Она не была прекрасна той красотой, которую присваивает богиням молва, – чересчур худощава, темноволоса и смуглокожа и отлична от эллинок, коим покровительствовала. И она, чудесная, знала об этом, а я, в свою очередь, неведомым способом знал о знании ее.
– Не причинит тебе вреда моя свита, – сказала Геката, и, повинуясь голосу ее, стигийские псы легли. – Как и ты не чинил вреда тем, кто был под заступничеством моим.
А в глазах у нее отблеск того самого пламени, что ныне величают адским.
– Встань. Подойди.
Я повинуюсь, я счастлив, что могу почтить мою богиню исполнением воли ее. Я приближаюсь, вдыхая аромат кедрового масла и меда. Я вижу каждый завиток ее волос, каждую складку белого хитона, каждый язычок огня на факеле, который она держит.
А во второй – плеть.

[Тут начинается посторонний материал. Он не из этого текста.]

(* For $\tau$ in the upper half-plane: (a) $x=\mathfrak{b}(\tau)$ and $y=\mathfrak{b}(2\tau)$ satisfy $x^2y^2+4y^2-16x=0$; (b) $(\mathfrak{b}(\tau)+2)^4\,\mathfrak{b}^4(4\tau)=2^8\left(\mathfrak{b}^3(\tau)+4\mathfrak{b}(\tau)\right)$.
   Context: $q=e^{2\pi i\tau}$, $q^r:=e^{2\pi i r\tau}$, and $\mathfrak{b}(\tau)=2\prod_{n\ge1}\left(\frac{1-q^{n/2-1/4}}{1+q^{n/2-1/4}}\right)^2$ (equivalently $2\mathfrak{f}_1(\tau/2)^2/\mathfrak{f}(\tau/2)^2$ with Weber–Schläfli functions $\mathfrak{f},\mathfrak{f}_1$). *)

From Stdlib Require Import Reals.
From Coquelicot Require Export Coquelicot.
Open Scope R_scope.

(* q^r := e^{2 pi i r tau}, written out via the real exponential,
   cosine and sine:  e^{2 pi i r (a + i b)} = e^{-2 pi r b} (cos(2 pi r a) + i sin(2 pi r a)). *)
Definition qpow (tau : C) (r : R) : C :=
  (exp (- 2 * PI * r * Im tau) * cos (2 * PI * r * Re tau),
   exp (- 2 * PI * r * Im tau) * sin (2 * PI * r * Re tau)).

Definition bfactor (tau : C) (n : nat) : C :=
  let e := INR n / 2 - / 4 in
  let t := Cdiv (Cminus (RtoC 1) (qpow tau e)) (Cplus (RtoC 1) (qpow tau e)) in
  Cmult t t.

Fixpoint bpartial (tau : C) (N : nat) : C :=
  match N with
  | O => RtoC 1
  | S k => Cmult (bpartial tau k) (bfactor tau (S k))
  end.

Definition bfun (tau : C) : C :=
  Cmult (RtoC 2) (@lim (CompleteNormedModule.CompleteSpace _ C_CompleteNormedModule)
                        (filtermap (bpartial tau) eventually)).

(* Write [p = q^(1/4)], so that [b(tau) = 2 prod_k ((1 - p^(2k+1)) / (1 + p^(2k+1)))^2].
   Jacobi's triple product identity, in the finite form obtained from the q-binomial
   theorem, gives
     prod_(k<n) (1 + s p^(2k+1))^2 = sum_(|j|<=n) [2n, n+j]_(p^2) s^j p^(j^2)   (s = 1, -1).
   Dividing by the central Gaussian binomial [2n, n]_(p^2) and letting n go to infinity
   (Tannery's theorem) turns the right-hand side into theta_3(p) or theta_4(p), with the
   same normalisation for both signs, hence [b(tau) = 2 theta_4(p) / theta_3(p)].
   Rearranging the double series for theta(p^2)^2 by the parity of the index gives the
   duplication formulas
     theta_3(p)^2 + theta_4(p)^2 = 2 theta_3(p^2)^2,   theta_3(p) theta_4(p) = theta_4(p^2)^2,
   which make (a) an identity between theta quotients; (b) follows by applying (a) at
   [tau] and [2 tau] and eliminating [b(2 tau)]. *)

From Stdlib Require Import Reals Lra Lia Psatz ZArith FunctionalExtensionality.
From Coquelicot Require Import Coquelicot.

Local Open Scope R_scope.

Lemma Cmod_minus_sym (a b : C) : Cmod (a - b)%C = Cmod (b - a)%C.
Proof. replace (a - b)%C with (- (b - a))%C by ring. apply Cmod_opp. Qed.

Lemma Cmod_minus_triangle (a b c : C) : Cmod (a - b)%C <= Cmod (a - c)%C + Cmod (c - b)%C.
Proof. replace (a - b)%C with ((a - c) + (c - b))%C by ring. apply Cmod_triangle. Qed.

Lemma Cmod_reverse_triangle (a b : C) : Cmod a - Cmod b <= Cmod (a - b)%C.
Proof.
  pose proof (Cmod_triangle (a - b)%C b) as H.
  replace (a - b + b)%C with a in H by ring. lra.
Qed.
(* Abel summation: the defects [D j] vanish at [0] and are at most [1], while
   the weights [a] are nonincreasing in [[0, 1]]. *)
Lemma kuhn_step_weighted_le (a : nat -> R) k :
  (forall j, (j < n)%N -> 0 <= a j <= 1) ->
  (forall j, (j.+1 < n)%N -> a j.+1 <= a j) ->
  \sum_(j < n) a j * (kuhn_step k j)%:~R <= \sum_(j < n) a j * mu j + 1.
Proof.
move=> a01 a_dec.
pose D j := (kuhn_vertex k j)%:~R - \sum_(i < j) mu i.
have D_le1 j : D j.+1 <= 1 by rewrite /D -/(psum j); have := kuhn_vertex_le k j; lra.
pose E m := \sum_(j < m) a j * (D j.+1 - D j).
have -> : \sum_(j < n) a j * (kuhn_step k j)%:~R = \sum_(j < n) a j * mu j + E n.
  rewrite -big_split; apply: eq_bigr => j _.
  by rewrite /D /kuhn_step intrB big_ord_recr /=; ring.
have abel m : (m < n)%N -> E m.+1 <= a 0%N - a m + a m * D m.+1.
  elim: m => [|m IH] mn.
    by rewrite /E big_ord1 /D big_ord0 /=; lra.
  have IH' := IH (ltnW mn); rewrite /E big_ord_recr /= -/(E m.+1).
  by have := a_dec m mn; have := D_le1 m; case/andP: (a01 m.+1 mn); nra.
case: n a01 a_dec abel => [|n'] a01 a_dec abel.
  by rewrite /E !big_ord0; lra.
have := abel n' (ltnSn n'); have := D_le1 n'.
by have := a01 n' (ltnSn n'); have := a01 0%N (ltn0Sn n'); nra.
Qed.

Lemma kuhn_step_indep (b : 'I_n.+1 -> R) :
  \sum_k b k = 0 ->
  (forall j, (j < n)%N -> \sum_k b k * (kuhn_step k j)%:~R = 0) ->
  forall k, b k = 0.
Proof.
move=> b_sum0 b_step0.
have b_vertex0 j : (j <= n)%N -> \sum_k b k * (kuhn_vertex k j)%:~R = 0.
  elim: j => [|j IH] jn; first by rewrite big1 // => k _; rewrite mulr0.
  have := b_step0 j jn; under eq_bigr do rewrite intrB mulrBr.
  by rewrite sumrB IH ?(ltnW jn) // subr0.
pose U m := \sum_k b k * (m <= k)%:R.
have U0 m : (m <= n.+1)%N -> U m = 0.
  case: m => [|m] mn; first by rewrite -[RHS]b_sum0; apply: eq_bigr => k _; rewrite mulr1.
  move: mn; rewrite ltnS leq_eqVlt => /orP[/eqP ->|lt_mn].
    by rewrite /U big1 // => k _; rewrite ltnNge -ltnS ltn_ord mulr0.
  have [lt_n rank_m] := frac_unrank_spec lt_mn.
  pose fl := (Num.floor (psum (frac_unrank m)))%:~R : R.
  have := b_vertex0 _ lt_n; rewrite (eq_bigr (fun k => fl * b k + b k * (m < k)%:R)).
    by rewrite big_split /= -mulr_sumr b_sum0 mulr0 add0r => h; exact: h.
  by move=> k _; rewrite /= intrD rank_m mulrDr mulrC.
move=> k; transitivity (U k - U k.+1); last by rewrite !U0 ?subr0 // ltnW.
rewrite /U -sumrB (bigD1 k) //= leqnn ltnn mulr1 mulr0 subr0 big1 ?addr0 // => i ik.
by rewrite -mulrBr leq_eqVlt -[(k : nat) == i]/(k == i) eq_sym (negbTE ik) subrr mulr0.
Qed.

(* The point with coordinates the partial sums of [M] is reached from
   [kuhn_vertex 0] along the edge vectors [kuhn_vertex k - kuhn_vertex 0],
   which are the indicators of the first [k] indices in rank order; hence its
   coefficients [F k - F k.+1] telescope. *)
Lemma kuhn_step_lattice (M : nat -> int) :
  exists z : 'I_n.+1 -> int, forall j, (j < n)%N ->
    M j = kuhn_step 0 j + \sum_k z k * (kuhn_step k j - kuhn_step 0 j).
Proof.
pose T j := \sum_(i < j.+1) M i - Num.floor (psum j).
pose F m := if m is m'.+1 then (if (m' < n)%N then T (frac_unrank m') else 0) else 0.
exists (fun k => F k - F k.+1) => j jn.
pose W j := \sum_(k < n.+1) (F k - F k.+1) * (kuhn_vertex k j - kuhn_vertex 0 j).
have W0 : W 0%N = 0 by apply: big1 => k _; rewrite subrr mulr0.
have WS i : (i < n)%N -> W i.+1 = T i.
  move=> io; have edge k : kuhn_vertex k i.+1 - kuhn_vertex 0 i.+1 = (frac_rank i < k)%:R.
    by rewrite /= addr0 addrAC subrr add0r; case: (_ < _)%N.
  rewrite /W; under eq_bigr do rewrite edge.
  rewrite telescope_sumr_gt ?(ltnW (frac_rank_lt io)) //.
  by rewrite /F frac_rank_lt // ltnn frac_rankK // subr0.
have -> : \sum_(k < n.+1) (F k - F k.+1) * (kuhn_step k j - kuhn_step 0 j) = W j.+1 - W j.
  by rewrite /W -sumrB; apply: eq_bigr => k _; rewrite /kuhn_step; ring.
rewrite WS // /T big_ord_recr /kuhn_step /= addr0.
case: j jn => [|j] jn; first by rewrite W0 big_ord0 /=; ring.
by rewrite WS ?(ltnW jn) // /T /= addr0; ring.
Qed.

End KuhnTriangulation.

Local Open Scope classical_set_scope.

Section SimplexCoordinates.

Variables (R : realType) (m : nat).
Implicit Types (e : nat) (c : R).
(* Every ternary cubic form whose zero locus in $\mathbb{P}^2$ is a cuspidal cubic curve has an apolar star configuration $\mathbb{X}(4)$.
   Context: Let $S=\mathbb{C}[x_0,x_1,x_2]$ and $T=\mathbb{C}[y_0,y_1,y_2]$, where $T$ acts on $S$ by differentiation, $y_j=\partial/\partial x_j$. For a form $F\in S$, $F^\perp=\{\partial\in T:\partial F=0\}$. A finite set of points $\mathbb{X}\subset\mathbb{P}^2=\mathbb{P}(S_1)$ with defining ideal $I(\mathbb{X})\subseteq T$ is apolar to $F$ if $I(\mathbb{X})\subseteq F^\perp$. A star configuration $\mathbb{X}(4)\subset\mathbb{P}^2$: take $4$ linear forms $l_1,\dots,l_4\in T_1$ such that any $3$ of them are linearly independent; $\mathbb{X}(4)$ is the set of $6$ pairwise intersection points of the lines $\{l_i=0\}$. *)

From HB Require Import structures.
From mathcomp Require Import all_boot all_order all_algebra.
From mathcomp Require Import reals.
From mathcomp Require Import complex.
From mathcomp Require Import mpoly.
Set Implicit Arguments. Unset Strict Implicit. Unset Printing Implicit Defensive.
Import Order.TTheory GRing.Theory Num.Theory.
Local Open Scope ring_scope.

Notation CC R := (complex R).

Section Defs.
Variable C : fieldType.

(* Action of T on S by differentiation: g(d/dx) F, where the monomial
   y^m acts as the iterated partial derivative d^m/dx^m. *)
Definition apolar_act (g F : {mpoly C[3]}) : {mpoly C[3]} :=
  \sum_(m <- msupp g) g@_m *: F^`M[m].

Definition linform (a : 'rV[C]_3) : {mpoly C[3]} := \sum_(k < 3) a 0 k *: 'X_k.

(* Irreducibility of a polynomial: non-constant, and any factorization has a
   constant factor (msize p <= 1 means p is constant). *)
Definition mirreducible (F : {mpoly C[3]}) : Prop :=
  (1 < msize F)%N /\
  forall G H : {mpoly C[3]}, F = G * H -> (msize G <= 1)%N \/ (msize H <= 1)%N.

(* v (a nonzero vector, i.e. a point of P^2) is a singular point of V(F). *)
Definition singular_point (F : {mpoly C[3]}) (v : 'I_3 -> C) : Prop :=
  (exists k, v k != 0) /\ F.@[v] = 0 /\ forall i : 'I_3, (F^`M(i)).@[v] = 0.

Definition hessian (F : {mpoly C[3]}) (v : 'I_3 -> C) : 'M[C]_3 :=
  \matrix_(i < 3, j < 3) ((F^`M(i))^`M(j)).@[v].

(* A cusp: a double point whose tangent cone (the quadric given by the
   Hessian at the point) is a single line counted twice, i.e. the Hessian
   quadratic form has rank 1. *)
Definition cusp (F : {mpoly C[3]}) (v : 'I_3 -> C) : Prop :=
  singular_point F v /\ \rank (hessian F v) = 1%N.

Definition cuspidal_cubic (F : {mpoly C[3]}) : Prop :=
  F \is 3.-homog /\ mirreducible F /\ exists v, cusp F v.

Definition star_lines (L : 'M[C]_(4, 3)) : Prop :=
  forall i j k : 'I_4, i != j -> j != k -> i != k ->
    free [:: row i L; row j L; row k L].

(* v lies on (the affine cone over) the star configuration X(4): it is in
   the intersection of two distinct lines l_i = l_j = 0. *)
Definition star_point (L : 'M[C]_(4, 3)) (v : 'I_3 -> C) : Prop :=
  exists i j : 'I_4, i != j /\
    (linform (row i L)).@[v] = 0 /\ (linform (row j L)).@[v] = 0.

Definition in_star_ideal (L : 'M[C]_(4, 3)) (g : {mpoly C[3]}) : Prop :=
  forall v, star_point L v -> g.@[v] = 0.

Definition in_perp (F g : {mpoly C[3]}) : Prop := apolar_act g F = 0.

Definition apolar_star (F : {mpoly C[3]}) (L : 'M[C]_(4, 3)) : Prop :=
  star_lines L /\ forall g, in_star_ideal L g -> in_perp F g.

End Defs.

(* The Hessian of F at the cusp v is a symmetric matrix of rank one, b a a^T.
   Extending a to coordinates (y0, y1 = a, y2) dual to a basis (w0, w1, v) and
   expanding F along v gives F = f(y0, y1) + h y2 y1^2 with f a binary cubic and
   h = b/2 != 0.  Irreducibility forces the y0^3-coefficient of f to be nonzero,
   and completing the cube yields the normal form F = k P^3 + l^2 m for a basis
   (P, l, m) of linear forms.  For the dual basis (e0, e1, e2), the four lines
   e0, e1, e1 - e2, e0 + e1 + e2 form a star configuration among whose six points
   are P, m, l + m and l - m.  A form vanishing on X(4) vanishes on these points,
   hence annihilates their cubes; since 6 l^2 m = (l + m)^3 - (l - m)^3 - 2 m^3,
   it annihilates F. *)

From mathcomp Require Import all_boot all_order all_algebra.
From mathcomp Require Import reals complex mpoly.
From mathcomp Require Import ring.
Set Implicit Arguments. Unset Strict Implicit. Unset Printing Implicit Defensive.
Import GRing.Theory Num.Theory.
Local Open Scope ring_scope.

Definition i0 : 'I_3 := @Ordinal 3 0 isT.
Definition i1 : 'I_3 := @Ordinal 3 1 isT.
Definition i2 : 'I_3 := @Ordinal 3 2 isT.

Lemma ord3P (k : 'I_3) : k = i0 \/ k = i1 \/ k = i2.
Proof.
case: k => [[|[|[|k]]] lt_k3] //.
- by left; apply/val_inj.
- by right; left; apply/val_inj.
- by right; right; apply/val_inj.
Qed.

Definition j0 : 'I_4 := @Ordinal 4 0 isT.
Definition j1 : 'I_4 := @Ordinal 4 1 isT.
Definition j2 : 'I_4 := @Ordinal 4 2 isT.
Definition j3 : 'I_4 := @Ordinal 4 3 isT.

Lemma ord4P (x : 'I_4) : [\/ x = j0, x = j1, x = j2 | x = j3].
Proof.
case: x => [[|[|[|[|x]]]] lt_x4] //.
- by apply: Or41; apply/val_inj.
- by apply: Or42; apply/val_inj.
- by apply: Or43; apply/val_inj.
- by apply: Or44; apply/val_inj.
Qed.

Lemma sum_ord3 (V : nmodType) (f : 'I_3 -> V) : \sum_(k < 3) f k = f i0 + f i1 + f i2.
Proof.
rewrite !big_ord_recl big_ord0 addr0 addrA.
by congr (_ + _ + _); congr f; apply/val_inj.
Qed.

Lemma sum_ord4 (V : nmodType) (f : 'I_4 -> V) :
  \sum_(x < 4) f x = f j0 + f j1 + f j2 + f j3.
Proof.
rewrite !big_ord_recl big_ord0 addr0 !addrA.
by congr (_ + _ + _ + _); congr f; apply/val_inj.
Qed.

Definition pt (T : Type) (a b c : T) : 'I_3 -> T :=
  fun k => match nat_of_ord k with 0 => a | 1 => b | _ => c end.

Lemma pt0 T (a b c : T) : pt a b c i0 = a. Proof. by []. Qed.
Lemma pt1 T (a b c : T) : pt a b c i1 = b. Proof. by []. Qed.
Lemma pt2 T (a b c : T) : pt a b c i2 = c. Proof. by []. Qed.
Definition ptE := (pt0, pt1, pt2).

Lemma free3_of_unique_relation (K : fieldType) (V : vectType K)
    (r : 'I_4 -> V) (s : 'I_4 -> K) :
  (forall x, s x != 0) ->
  (forall k : 'I_4 -> K, \sum_x k x *: r x = 0 -> exists t, forall x, k x = t * s x) ->
  forall i j l, i != j -> j != l -> i != l -> free [:: r i; r j; r l].
Proof.
move=> s_neq0 rel i j l ij jl il.
have [x xNijl] : exists x : 'I_4, x \notin [:: i; j; l].
  apply/existsP; rewrite -negb_forall; apply/negP => /forallP ijl_full.
  have := card_size [:: i; j; l].
  by rewrite (@eq_card _ _ predT) ?card_ord // => y; rewrite inE; apply/negPn.
apply/(@freeP K V 3 [tuple r i; r j; r l]) => c rel_c.
pose k y := (y == i)%:R * c i0 + (y == j)%:R * c i1 + (y == l)%:R * c i2.
have sum_pick y (a : K) : \sum_z ((z == y)%:R * a) *: r z = a *: r y.
  rewrite (bigD1 y) //= eqxx mul1r big1 ?addr0 // => z /negbTE ->.
  by rewrite mul0r scale0r.
have [t kE] : exists t, forall y, k y = t * s y.
  apply: rel; rewrite /k; under eq_bigr do rewrite !scalerDl.
  by rewrite !big_split /= !sum_pick -rel_c sum_ord3.
have k0 y : k y = 0.
  suff t0 : t = 0 by rewrite kE t0 mul0r.
  move: xNijl (kE x); rewrite !inE /k => /norP[/negbTE-> /norP[/negbTE-> /negbTE->]].
  rewrite !mul0r !addr0 => /esym/eqP; rewrite mulf_eq0 (negbTE (s_neq0 x)) orbF.
  by move/eqP.
have ne (y z : 'I_4) : y != z -> (y == z)%:R = 0 :> K by move/negbTE->.
have ne' (y z : 'I_4) : y != z -> (z == y)%:R = 0 :> K by rewrite eq_sym => /ne.
move=> m; case: (ord3P m) => [->|[->|->]].
- by have := k0 i; rewrite /k eqxx ne ?ne // mul1r !mul0r !addr0.
- by have := k0 j; rewrite /k eqxx ne' ?ne // mul1r !mul0r addr0 add0r.
- by have := k0 l; rewrite /k eqxx ne' ?ne' // mul1r !mul0r !add0r.
Qed.
(* Let $\bar\beta=\mathcal{N}$. If $(B,\beta_1,\ldots,\beta_B)$ is a feasible solution of problem (RO-$\Sigma$), then $T^\sigma(\beta_1,\ldots,\beta_B,\bar\beta)\neq T^*(\beta_1,\ldots,\beta_B,\bar\beta)$ for every $\sigma\in\Sigma$.
   Context: A ballot style consists of contests $\mathcal{C}=\{1,\ldots,C\}$, candidates $\mathcal{N}=\{1,\ldots,N\}$ partitioned into nonempty sets $\mathcal{N}_c$ ($c\in\mathcal{C}$), and positive integers $v_c$. A filled-out ballot is a subset $\beta\subseteq\mathcal{N}$; $\mathscr{B}=\{\beta\subseteq\mathcal{N}: |\mathcal{N}_c\cap\beta|\le v_c\ \forall c\}$. For any deck of subsets and $i\in\mathcal{N}_c$: $T^*_i(\beta_1,\ldots,\beta_B)=\sum_{b=1}^B\mathbb{I}\{i\in\beta_b\text{ and }|\mathcal{N}_c\cap\beta_b|\le v_c\}$, and for a bijection $\sigma$ of $\mathcal{N}$, $T^\sigma_i(\beta_1,\ldots,\beta_B)=\sum_{b=1}^B\mathbb{I}\{\sigma(i)\in\beta_b\text{ and }|\{\sigma(j)\in\beta_b: j\in\mathcal{N}_c\}|\le v_c\}$. $\Sigma$ is the set of non-identity bijections $\mathcal{N}\to\mathcal{N}$. Problem (RO-$\Sigma$): minimize $B$ over $B\in\mathbb{N}$ and $\beta_1,\ldots,\beta_B\in\mathscr{B}$ subject to $T^\sigma(\beta_1,\ldots,\beta_B)\neq T^*(\beta_1,\ldots,\beta_B)$ for all $\sigma\in\Sigma$. *)

From mathcomp Require Import all_boot all_order all_fingroup.
Set Implicit Arguments. Unset Strict Implicit. Unset Printing Implicit Defensive.

(* Candidates are 'I_N, contests are 'I_C; [con i] is the contest of candidate i,
   so N_c = [set i | con i == c]. Ballots are subsets {set 'I_N}; a deck is a
   sequence of ballots (B = size of the deck). *)

Section Ballots.
Variables (N C : nat) (con : 'I_N -> 'I_C) (v : 'I_C -> nat).

Definition contest (c : 'I_C) : {set 'I_N} := [set j | con j == c].

Definition valid_ballot (beta : {set 'I_N}) : bool :=
  [forall c, #|contest c :&: beta| <= v c].

Definition Tstar (deck : seq {set 'I_N}) : {ffun 'I_N -> nat} :=
  [ffun i => count (fun beta : {set 'I_N} =>
      (i \in beta) && (#|contest (con i) :&: beta| <= v (con i))) deck].

Definition Tsig (sigma : {perm 'I_N}) (deck : seq {set 'I_N}) : {ffun 'I_N -> nat} :=
  [ffun i => count (fun beta : {set 'I_N} =>
      (sigma i \in beta) &&
      (#|[set sigma j | j in contest (con i)] :&: beta| <= v (con i))) deck].

Definition RO_feasible (deck : seq {set 'I_N}) : Prop :=
  all valid_ballot deck /\
  forall sigma : {perm 'I_N}, sigma != 1%g -> Tsig sigma deck <> Tstar deck.

End Ballots.

From mathcomp Require Import all_boot all_order all_fingroup.
Set Implicit Arguments. Unset Strict Implicit. Unset Printing Implicit Defensive.

(* Both tallies T^sigma and T^* are counts over the deck, so
   appending a ballot adds, for each candidate i, that ballot's own
   contribution to each tally.  For the full ballot [set: 'I_N] the two
   contributions coincide: sigma i always lies in it, and the relabelled
   contest [set sigma j | j in N_c] meets it in exactly #|N_c| candidates
   because sigma is injective.  Hence T^sigma = T^* on the extended deck
   forces T^sigma = T^* on the original deck, which feasibility forbids for
   every non-identity sigma. *)

Section FullBallot.
Variables (N C : nat) (con : 'I_N -> 'I_C) (v : 'I_C -> nat).

Definition star_vote (b : {set 'I_N}) (i : 'I_N) : nat :=
  (i \in b) && (#|contest con (con i) :&: b| <= v (con i)).

Definition sig_vote (sigma : {perm 'I_N}) (b : {set 'I_N}) (i : 'I_N) : nat :=
  (sigma i \in b) && (#|[set sigma j | j in contest con (con i)] :&: b| <= v (con i)).

Lemma Tstar_rcons (deck : seq {set 'I_N}) (b : {set 'I_N}) (i : 'I_N) :
  Tstar con v (rcons deck b) i = Tstar con v deck i + star_vote b i.
Proof. by rewrite !ffunE -cats1 count_cat /= addn0. Qed.

Lemma Tsig_rcons (sigma : {perm 'I_N}) (deck : seq {set 'I_N}) (b : {set 'I_N})
    (i : 'I_N) :
  Tsig con v sigma (rcons deck b) i = Tsig con v sigma deck i + sig_vote sigma b i.
Proof. by rewrite !ffunE -cats1 count_cat /= addn0. Qed.

(* The full ballot contributes the same amount to T^sigma and to T^*:
   relabelling a contest by the bijection sigma preserves its size. *)
Lemma full_ballot_vote (sigma : {perm 'I_N}) (i : 'I_N) :
  sig_vote sigma [set: 'I_N] i = star_vote [set: 'I_N] i.
Proof.
by rewrite /sig_vote /star_vote !in_setT !setIT card_imset //; apply: perm_inj.
Qed.

Lemma tallies_agree_without_full_ballot (sigma : {perm 'I_N})
    (deck : seq {set 'I_N}) :
  Tsig con v sigma (rcons deck [set: 'I_N]) = Tstar con v (rcons deck [set: 'I_N]) ->
  Tsig con v sigma deck = Tstar con v deck.
Proof.
move=> agree_ext; apply/ffunP=> i.
have := congr1 (fun T : {ffun 'I_N -> nat} => T i) agree_ext.
by rewrite /= Tsig_rcons Tstar_rcons full_ballot_vote => /addIn.
Qed.

End FullBallot.

Theorem proposition7 (N C : nat) (con : 'I_N -> 'I_C) (v : 'I_C -> nat)
  (con_surj : forall c : 'I_C, exists i : 'I_N, con i = c)
  (v_pos : forall c : 'I_C, 0 < v c)
  (deck : seq {set 'I_N}) :
  RO_feasible con v deck ->
  forall sigma : {perm 'I_N}, sigma != 1%g ->
    Tsig con v sigma (rcons deck [set: 'I_N]) <> Tstar con v (rcons deck [set: 'I_N]).
Proof.
move=> [_ distinguishes] sigma sigma_nontrivial agree_ext.
exact: (distinguishes sigma sigma_nontrivial
          (tallies_agree_without_full_ballot agree_ext)).
Qed.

Длинная, на жесткой ручке, к которой прикреплена ременная петля, что обвивает тонкое запястье; плетенная хитрым способом, перетянутая медными колечками по всей длине. Плеть кажется живой, как и волосы Гекаты…
– Не бойся, человек, – улыбается она и, протягивая плеть свою, говорит: – Возьми.
Беру, и вот уже петля сама обнимает мое запястье, прижимаясь и словно бы прорастая под кожу, а следом приходит понимание, что стая псов отныне послушна мне.
Уже не рычат, не скалятся даже, и шерсть на хребтах опала, они словно бы и уменьшились, превратившись в обыкновенных дворовых собак, разве что чересчур крупных.
– Да, человек, ушел Аид, иссякла в слезах Персефона, издох трехголовый Цербер, ушли в небытие и мертвые герои, и даже великий покорный Хроносу Стикс обмелел. А они выжили, выбрались в мир иной, переступив порог по следу моему, и стали людьми.
Теперь в голосе ее мне слышится печаль, и я готов сердце вынуть из груди, лишь бы она не огорчалась, но Гекате не нужно сердце.